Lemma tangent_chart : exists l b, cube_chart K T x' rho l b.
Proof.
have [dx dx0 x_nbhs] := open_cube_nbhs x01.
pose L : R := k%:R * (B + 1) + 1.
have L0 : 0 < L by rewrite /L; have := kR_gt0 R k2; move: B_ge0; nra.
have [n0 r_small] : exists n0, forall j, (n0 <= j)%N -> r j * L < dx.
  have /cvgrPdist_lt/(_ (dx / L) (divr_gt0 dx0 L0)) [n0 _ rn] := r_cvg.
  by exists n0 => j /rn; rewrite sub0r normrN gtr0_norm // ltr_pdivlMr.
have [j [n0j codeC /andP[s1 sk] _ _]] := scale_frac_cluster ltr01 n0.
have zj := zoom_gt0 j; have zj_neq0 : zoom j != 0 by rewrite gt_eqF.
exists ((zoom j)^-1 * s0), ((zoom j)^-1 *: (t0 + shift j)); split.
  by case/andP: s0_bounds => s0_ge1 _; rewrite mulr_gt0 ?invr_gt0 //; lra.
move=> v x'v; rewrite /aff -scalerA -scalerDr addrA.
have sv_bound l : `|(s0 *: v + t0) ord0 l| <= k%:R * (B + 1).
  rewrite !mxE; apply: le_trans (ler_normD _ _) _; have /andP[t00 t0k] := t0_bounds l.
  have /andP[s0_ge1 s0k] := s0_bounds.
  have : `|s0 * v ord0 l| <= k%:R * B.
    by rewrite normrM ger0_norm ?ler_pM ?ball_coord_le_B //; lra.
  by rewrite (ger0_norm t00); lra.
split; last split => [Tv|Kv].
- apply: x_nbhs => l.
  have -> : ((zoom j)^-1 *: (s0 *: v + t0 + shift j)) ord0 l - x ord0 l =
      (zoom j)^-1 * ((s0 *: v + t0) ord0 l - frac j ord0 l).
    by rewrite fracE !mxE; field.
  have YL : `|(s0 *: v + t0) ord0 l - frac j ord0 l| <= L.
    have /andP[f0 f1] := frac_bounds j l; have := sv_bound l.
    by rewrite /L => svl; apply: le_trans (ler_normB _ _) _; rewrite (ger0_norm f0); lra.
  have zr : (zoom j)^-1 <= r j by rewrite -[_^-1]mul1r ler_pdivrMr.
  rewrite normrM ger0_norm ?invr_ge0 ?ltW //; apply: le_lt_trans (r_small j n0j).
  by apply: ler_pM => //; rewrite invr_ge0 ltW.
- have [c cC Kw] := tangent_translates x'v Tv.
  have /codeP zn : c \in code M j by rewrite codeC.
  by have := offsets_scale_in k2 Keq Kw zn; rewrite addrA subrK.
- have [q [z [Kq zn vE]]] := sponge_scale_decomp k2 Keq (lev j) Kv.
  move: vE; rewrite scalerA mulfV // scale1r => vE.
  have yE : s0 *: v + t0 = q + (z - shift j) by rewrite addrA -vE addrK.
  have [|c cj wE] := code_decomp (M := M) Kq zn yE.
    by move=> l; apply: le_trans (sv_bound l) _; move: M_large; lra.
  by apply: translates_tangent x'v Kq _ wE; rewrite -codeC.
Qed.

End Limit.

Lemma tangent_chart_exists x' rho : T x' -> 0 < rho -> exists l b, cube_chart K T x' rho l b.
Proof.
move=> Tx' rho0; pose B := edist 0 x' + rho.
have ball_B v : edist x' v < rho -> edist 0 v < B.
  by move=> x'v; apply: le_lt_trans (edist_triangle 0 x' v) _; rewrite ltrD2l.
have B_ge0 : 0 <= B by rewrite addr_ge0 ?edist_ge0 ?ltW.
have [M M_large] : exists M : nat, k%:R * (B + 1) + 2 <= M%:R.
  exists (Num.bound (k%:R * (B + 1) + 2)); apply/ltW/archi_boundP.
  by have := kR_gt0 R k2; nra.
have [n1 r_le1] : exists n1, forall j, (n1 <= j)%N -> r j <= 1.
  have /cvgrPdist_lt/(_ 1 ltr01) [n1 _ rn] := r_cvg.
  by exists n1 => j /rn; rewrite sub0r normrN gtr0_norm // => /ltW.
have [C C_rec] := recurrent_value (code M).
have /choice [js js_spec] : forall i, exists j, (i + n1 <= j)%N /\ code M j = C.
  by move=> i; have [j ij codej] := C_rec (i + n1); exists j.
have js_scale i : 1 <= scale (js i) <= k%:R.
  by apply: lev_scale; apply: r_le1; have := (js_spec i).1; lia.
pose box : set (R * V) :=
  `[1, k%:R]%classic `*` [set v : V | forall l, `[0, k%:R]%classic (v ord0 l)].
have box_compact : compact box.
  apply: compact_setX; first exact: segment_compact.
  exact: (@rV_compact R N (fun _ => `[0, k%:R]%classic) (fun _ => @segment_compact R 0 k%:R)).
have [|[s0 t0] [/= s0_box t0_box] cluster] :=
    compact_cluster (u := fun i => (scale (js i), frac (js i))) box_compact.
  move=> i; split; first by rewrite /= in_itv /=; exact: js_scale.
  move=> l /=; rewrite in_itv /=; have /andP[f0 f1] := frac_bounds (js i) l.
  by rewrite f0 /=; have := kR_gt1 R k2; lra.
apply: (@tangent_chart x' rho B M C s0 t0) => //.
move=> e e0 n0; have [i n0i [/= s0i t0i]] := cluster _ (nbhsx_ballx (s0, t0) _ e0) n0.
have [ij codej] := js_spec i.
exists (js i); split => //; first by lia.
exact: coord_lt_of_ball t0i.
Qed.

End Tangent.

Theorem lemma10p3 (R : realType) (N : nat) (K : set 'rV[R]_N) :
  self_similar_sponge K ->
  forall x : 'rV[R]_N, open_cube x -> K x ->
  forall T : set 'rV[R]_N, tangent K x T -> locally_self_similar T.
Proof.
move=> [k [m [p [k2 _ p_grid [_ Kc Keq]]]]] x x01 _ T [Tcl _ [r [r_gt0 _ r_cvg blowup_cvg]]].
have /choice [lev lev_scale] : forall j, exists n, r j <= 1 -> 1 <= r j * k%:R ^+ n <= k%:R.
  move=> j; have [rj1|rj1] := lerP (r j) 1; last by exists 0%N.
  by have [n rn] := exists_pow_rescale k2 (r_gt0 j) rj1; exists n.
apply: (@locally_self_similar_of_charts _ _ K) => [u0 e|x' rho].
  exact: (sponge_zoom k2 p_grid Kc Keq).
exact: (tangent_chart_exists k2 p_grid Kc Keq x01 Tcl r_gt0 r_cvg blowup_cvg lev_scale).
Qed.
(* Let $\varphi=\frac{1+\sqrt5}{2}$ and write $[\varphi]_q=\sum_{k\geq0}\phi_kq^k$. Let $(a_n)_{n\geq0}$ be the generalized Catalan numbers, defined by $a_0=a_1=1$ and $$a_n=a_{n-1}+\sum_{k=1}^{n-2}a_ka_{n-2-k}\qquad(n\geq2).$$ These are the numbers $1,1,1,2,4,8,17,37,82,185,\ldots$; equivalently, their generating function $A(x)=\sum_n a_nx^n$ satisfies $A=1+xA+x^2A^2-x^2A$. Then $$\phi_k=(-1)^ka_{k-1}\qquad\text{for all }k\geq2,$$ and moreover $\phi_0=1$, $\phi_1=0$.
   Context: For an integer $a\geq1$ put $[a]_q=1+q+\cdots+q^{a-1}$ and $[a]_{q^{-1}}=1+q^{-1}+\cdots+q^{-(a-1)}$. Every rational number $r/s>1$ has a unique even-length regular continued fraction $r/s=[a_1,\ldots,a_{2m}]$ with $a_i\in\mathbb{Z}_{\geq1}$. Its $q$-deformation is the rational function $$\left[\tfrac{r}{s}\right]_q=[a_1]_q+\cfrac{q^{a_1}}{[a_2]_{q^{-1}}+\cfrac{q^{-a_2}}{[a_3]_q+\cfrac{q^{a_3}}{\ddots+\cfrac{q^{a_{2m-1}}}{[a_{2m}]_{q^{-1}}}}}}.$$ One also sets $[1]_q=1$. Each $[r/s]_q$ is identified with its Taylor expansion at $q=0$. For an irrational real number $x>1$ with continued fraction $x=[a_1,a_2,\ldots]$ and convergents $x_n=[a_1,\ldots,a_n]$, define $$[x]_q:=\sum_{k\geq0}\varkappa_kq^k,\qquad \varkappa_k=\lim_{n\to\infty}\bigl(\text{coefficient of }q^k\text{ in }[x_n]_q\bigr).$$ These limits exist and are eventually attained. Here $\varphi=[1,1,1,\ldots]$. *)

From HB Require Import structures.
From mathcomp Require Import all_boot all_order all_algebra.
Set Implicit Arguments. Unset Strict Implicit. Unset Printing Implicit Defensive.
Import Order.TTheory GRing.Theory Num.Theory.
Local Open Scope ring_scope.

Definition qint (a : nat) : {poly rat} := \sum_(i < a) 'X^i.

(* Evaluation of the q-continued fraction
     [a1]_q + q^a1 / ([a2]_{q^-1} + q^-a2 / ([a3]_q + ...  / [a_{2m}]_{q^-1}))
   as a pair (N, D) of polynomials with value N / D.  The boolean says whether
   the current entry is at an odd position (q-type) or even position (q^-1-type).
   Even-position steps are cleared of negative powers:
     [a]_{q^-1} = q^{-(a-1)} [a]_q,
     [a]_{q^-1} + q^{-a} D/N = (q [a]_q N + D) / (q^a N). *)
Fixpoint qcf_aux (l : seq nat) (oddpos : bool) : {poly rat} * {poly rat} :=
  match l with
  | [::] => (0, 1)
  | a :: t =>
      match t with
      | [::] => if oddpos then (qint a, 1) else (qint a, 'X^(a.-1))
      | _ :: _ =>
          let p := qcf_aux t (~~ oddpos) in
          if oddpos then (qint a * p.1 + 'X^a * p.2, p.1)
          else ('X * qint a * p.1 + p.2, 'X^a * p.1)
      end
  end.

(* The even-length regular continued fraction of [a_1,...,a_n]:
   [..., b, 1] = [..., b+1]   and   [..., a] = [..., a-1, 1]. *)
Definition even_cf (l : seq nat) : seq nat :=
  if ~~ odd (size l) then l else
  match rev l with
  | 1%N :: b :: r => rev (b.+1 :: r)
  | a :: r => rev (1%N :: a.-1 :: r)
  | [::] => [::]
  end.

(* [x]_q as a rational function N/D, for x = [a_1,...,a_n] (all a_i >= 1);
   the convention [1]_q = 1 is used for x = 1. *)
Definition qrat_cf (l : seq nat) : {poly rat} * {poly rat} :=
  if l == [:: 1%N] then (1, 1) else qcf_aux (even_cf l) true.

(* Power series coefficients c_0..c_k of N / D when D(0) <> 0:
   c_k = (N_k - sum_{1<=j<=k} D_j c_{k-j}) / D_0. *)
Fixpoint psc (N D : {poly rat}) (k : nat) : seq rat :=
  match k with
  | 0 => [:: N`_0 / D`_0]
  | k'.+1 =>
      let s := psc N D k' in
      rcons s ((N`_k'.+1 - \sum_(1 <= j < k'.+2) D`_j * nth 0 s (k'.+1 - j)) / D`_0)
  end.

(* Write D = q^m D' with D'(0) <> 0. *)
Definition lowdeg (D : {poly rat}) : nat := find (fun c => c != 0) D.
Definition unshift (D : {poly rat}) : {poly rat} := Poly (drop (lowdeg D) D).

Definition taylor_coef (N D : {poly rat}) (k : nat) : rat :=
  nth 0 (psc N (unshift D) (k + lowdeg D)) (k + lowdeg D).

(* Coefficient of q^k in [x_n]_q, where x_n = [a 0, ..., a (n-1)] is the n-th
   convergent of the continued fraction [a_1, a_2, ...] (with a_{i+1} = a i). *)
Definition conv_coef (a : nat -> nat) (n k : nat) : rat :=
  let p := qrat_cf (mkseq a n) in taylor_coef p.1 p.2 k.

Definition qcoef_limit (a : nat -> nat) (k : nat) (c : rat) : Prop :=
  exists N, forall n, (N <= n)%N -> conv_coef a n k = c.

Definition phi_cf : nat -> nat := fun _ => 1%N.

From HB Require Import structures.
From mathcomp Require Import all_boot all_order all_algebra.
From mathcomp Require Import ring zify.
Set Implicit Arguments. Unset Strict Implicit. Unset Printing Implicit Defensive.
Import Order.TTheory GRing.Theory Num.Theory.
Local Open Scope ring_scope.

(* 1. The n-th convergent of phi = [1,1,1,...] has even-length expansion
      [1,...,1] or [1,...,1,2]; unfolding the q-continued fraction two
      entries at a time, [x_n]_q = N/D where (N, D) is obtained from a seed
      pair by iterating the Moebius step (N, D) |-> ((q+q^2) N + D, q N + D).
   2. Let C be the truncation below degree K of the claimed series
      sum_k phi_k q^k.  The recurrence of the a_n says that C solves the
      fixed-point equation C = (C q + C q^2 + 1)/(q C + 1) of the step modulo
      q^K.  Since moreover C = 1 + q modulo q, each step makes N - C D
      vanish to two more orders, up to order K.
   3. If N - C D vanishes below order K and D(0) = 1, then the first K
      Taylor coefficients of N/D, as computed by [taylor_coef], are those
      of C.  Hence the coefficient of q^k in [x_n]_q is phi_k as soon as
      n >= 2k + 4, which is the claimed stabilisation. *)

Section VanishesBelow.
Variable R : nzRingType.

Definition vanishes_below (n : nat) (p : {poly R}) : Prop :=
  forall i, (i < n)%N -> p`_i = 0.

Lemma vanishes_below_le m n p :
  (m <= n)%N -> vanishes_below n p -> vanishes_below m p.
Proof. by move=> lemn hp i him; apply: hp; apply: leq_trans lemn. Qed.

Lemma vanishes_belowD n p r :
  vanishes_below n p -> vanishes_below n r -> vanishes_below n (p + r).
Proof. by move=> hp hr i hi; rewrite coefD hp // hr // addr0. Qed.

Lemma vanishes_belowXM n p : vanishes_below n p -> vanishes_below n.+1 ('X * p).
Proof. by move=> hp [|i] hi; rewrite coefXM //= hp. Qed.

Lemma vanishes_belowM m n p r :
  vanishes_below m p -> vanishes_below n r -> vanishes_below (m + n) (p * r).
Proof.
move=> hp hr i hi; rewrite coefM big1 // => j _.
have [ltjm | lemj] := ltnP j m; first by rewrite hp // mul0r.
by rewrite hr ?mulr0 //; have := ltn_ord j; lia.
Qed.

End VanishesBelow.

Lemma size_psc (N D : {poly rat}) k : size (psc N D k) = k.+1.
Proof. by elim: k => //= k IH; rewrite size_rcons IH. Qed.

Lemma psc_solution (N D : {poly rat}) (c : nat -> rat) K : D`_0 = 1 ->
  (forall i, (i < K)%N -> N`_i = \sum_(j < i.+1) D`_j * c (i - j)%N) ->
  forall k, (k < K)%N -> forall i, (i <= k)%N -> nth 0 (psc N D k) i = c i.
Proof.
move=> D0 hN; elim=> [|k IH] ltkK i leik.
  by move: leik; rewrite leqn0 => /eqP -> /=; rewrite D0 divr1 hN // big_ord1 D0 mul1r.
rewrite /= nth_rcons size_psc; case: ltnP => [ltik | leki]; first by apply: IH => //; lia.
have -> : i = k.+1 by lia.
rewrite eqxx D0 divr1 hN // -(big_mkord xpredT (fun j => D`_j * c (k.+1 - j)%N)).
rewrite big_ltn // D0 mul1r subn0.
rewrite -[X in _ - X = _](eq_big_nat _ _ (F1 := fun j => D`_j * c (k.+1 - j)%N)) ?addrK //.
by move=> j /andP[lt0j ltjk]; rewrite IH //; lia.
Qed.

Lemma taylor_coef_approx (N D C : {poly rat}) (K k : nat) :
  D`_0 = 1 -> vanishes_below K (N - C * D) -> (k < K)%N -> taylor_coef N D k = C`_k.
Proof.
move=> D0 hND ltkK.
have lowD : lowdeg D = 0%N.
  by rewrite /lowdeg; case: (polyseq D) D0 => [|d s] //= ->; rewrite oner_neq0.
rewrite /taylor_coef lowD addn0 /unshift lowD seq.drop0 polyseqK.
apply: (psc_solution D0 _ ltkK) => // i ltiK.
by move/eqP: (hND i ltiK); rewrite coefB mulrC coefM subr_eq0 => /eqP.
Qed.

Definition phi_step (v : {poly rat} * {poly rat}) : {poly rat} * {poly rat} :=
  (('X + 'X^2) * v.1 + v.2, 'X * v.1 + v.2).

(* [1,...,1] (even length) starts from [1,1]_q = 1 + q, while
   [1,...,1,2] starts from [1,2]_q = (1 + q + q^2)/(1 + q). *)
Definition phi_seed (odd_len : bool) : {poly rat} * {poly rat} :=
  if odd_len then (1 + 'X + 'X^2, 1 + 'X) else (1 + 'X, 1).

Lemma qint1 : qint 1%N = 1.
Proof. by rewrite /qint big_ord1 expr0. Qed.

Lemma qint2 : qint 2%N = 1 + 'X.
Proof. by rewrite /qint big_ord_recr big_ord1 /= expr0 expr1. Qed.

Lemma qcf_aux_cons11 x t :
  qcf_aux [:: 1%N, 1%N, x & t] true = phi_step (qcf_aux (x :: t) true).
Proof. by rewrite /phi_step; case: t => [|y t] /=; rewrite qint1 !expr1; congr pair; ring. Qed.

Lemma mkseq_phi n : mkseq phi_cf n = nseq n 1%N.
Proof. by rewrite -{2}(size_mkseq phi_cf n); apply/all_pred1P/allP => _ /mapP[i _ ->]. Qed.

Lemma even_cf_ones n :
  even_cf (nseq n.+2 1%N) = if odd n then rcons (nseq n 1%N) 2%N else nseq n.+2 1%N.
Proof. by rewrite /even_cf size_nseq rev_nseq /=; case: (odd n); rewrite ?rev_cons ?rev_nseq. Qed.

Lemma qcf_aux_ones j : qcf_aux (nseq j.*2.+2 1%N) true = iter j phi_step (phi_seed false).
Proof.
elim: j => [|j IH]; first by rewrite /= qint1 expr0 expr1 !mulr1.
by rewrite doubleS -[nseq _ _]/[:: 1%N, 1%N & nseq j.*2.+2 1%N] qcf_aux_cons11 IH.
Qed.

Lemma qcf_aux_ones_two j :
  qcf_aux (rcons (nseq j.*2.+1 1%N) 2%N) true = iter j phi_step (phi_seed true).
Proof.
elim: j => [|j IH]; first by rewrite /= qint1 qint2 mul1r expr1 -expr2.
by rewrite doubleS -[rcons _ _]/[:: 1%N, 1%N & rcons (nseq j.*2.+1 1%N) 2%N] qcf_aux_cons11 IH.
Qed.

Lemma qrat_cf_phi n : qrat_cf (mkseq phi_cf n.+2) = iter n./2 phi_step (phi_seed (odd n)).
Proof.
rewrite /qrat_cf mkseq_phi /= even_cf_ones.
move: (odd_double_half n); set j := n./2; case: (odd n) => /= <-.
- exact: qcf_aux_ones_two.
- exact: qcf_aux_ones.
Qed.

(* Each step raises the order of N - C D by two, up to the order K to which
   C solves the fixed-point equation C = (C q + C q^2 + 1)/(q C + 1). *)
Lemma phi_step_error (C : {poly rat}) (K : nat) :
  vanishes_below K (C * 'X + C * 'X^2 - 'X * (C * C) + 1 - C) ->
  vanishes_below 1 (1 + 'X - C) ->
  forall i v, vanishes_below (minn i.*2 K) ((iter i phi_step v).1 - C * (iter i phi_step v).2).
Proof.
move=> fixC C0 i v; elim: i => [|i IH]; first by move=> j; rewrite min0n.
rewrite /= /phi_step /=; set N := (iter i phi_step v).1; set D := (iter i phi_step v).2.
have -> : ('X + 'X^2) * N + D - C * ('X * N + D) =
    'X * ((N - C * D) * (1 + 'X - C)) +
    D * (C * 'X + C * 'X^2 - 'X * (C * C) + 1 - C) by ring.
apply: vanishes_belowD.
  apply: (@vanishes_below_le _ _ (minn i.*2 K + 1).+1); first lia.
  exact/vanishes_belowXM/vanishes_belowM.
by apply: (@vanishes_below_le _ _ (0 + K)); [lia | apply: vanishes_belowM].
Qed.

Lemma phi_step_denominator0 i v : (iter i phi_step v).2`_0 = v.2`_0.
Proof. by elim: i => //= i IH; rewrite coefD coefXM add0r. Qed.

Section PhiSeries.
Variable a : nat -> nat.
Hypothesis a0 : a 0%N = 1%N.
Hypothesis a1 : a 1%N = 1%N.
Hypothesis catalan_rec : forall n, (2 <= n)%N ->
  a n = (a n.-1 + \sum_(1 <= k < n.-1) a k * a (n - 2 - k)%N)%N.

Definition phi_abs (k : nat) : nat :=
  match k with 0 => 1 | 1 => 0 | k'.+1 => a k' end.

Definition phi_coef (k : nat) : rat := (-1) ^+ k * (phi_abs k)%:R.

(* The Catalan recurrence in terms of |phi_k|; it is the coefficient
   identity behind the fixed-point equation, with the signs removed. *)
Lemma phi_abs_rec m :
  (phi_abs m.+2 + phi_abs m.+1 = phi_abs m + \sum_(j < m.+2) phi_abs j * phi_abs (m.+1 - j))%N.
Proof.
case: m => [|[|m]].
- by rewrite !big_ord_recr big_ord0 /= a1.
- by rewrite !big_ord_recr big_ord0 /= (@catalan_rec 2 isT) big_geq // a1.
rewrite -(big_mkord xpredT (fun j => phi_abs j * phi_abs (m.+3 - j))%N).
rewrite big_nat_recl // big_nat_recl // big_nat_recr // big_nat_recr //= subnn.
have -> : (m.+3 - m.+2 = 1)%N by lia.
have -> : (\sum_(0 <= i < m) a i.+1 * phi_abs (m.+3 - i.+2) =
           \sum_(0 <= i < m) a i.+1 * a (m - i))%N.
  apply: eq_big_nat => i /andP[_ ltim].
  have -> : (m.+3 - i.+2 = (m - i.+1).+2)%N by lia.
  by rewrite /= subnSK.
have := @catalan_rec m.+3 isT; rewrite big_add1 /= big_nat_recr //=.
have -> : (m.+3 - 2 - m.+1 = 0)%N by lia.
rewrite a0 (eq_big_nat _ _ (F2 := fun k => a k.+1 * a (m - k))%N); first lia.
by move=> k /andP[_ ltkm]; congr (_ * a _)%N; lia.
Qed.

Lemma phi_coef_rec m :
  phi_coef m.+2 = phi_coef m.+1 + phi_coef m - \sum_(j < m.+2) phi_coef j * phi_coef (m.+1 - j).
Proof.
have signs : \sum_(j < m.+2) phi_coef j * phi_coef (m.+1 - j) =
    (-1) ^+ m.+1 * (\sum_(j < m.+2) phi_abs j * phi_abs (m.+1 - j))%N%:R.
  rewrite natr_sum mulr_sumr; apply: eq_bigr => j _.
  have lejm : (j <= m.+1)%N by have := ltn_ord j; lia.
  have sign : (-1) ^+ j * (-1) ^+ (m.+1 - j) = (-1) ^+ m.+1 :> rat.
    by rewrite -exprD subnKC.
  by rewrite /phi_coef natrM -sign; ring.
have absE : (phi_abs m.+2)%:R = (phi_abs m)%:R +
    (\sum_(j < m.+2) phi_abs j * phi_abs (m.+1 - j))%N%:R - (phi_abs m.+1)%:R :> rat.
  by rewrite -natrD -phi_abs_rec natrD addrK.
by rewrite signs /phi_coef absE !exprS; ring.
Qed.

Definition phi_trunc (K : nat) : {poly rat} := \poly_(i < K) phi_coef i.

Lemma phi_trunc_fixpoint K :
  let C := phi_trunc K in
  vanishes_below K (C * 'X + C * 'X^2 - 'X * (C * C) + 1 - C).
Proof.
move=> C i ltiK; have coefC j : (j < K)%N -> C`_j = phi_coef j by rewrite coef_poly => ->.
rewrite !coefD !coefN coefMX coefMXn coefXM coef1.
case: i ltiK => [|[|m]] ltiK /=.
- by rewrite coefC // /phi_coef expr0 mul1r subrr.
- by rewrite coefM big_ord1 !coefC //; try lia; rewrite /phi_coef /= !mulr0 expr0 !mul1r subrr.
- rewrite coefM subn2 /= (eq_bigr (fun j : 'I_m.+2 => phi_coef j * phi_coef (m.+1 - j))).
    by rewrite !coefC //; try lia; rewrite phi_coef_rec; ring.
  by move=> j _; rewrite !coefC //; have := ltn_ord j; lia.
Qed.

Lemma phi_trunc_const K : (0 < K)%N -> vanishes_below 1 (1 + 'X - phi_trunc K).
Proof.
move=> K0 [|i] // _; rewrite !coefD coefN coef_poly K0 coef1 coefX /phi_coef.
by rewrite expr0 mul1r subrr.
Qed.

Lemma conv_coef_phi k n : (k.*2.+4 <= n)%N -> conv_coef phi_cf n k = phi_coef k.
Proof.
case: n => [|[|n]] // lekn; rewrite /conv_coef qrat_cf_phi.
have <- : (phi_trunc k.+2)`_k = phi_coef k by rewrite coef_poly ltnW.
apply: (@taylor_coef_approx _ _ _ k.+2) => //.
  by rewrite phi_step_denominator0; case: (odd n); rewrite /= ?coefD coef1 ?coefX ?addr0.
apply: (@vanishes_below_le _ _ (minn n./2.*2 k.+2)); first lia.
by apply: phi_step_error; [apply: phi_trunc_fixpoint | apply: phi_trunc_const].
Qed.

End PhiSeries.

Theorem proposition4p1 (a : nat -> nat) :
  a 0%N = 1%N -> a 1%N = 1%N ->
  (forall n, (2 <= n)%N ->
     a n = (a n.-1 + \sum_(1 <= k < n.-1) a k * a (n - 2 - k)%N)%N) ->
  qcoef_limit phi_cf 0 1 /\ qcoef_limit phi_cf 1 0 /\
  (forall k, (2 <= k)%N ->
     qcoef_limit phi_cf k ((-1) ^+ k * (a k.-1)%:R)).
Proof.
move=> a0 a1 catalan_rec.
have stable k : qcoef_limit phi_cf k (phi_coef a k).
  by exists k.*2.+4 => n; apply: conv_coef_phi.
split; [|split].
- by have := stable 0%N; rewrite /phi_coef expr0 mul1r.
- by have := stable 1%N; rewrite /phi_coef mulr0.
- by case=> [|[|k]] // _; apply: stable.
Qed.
□ □ □ □ □
What to work on
Using the entries above, repeat only the lines from the one containing "End PhiSeries." through the one containing "split; [|split].", end lines included.

Response below
End PhiSeries.

Theorem proposition4p1 (a : nat -> nat) :
  a 0%N = 1%N -> a 1%N = 1%N ->
  (forall n, (2 <= n)%N ->
     a n = (a n.-1 + \sum_(1 <= k < n.-1) a k * a (n - 2 - k)%N)%N) ->
  qcoef_limit phi_cf 0 1 /\ qcoef_limit phi_cf 1 0 /\
  (forall k, (2 <= k)%N ->
     qcoef_limit phi_cf k ((-1) ^+ k * (a k.-1)%:R)).
Proof.
move=> a0 a1 catalan_rec.
have stable k : qcoef_limit phi_cf k (phi_coef a k).
  by exists k.*2.+4 => n; apply: conv_coef_phi.
split; [|split].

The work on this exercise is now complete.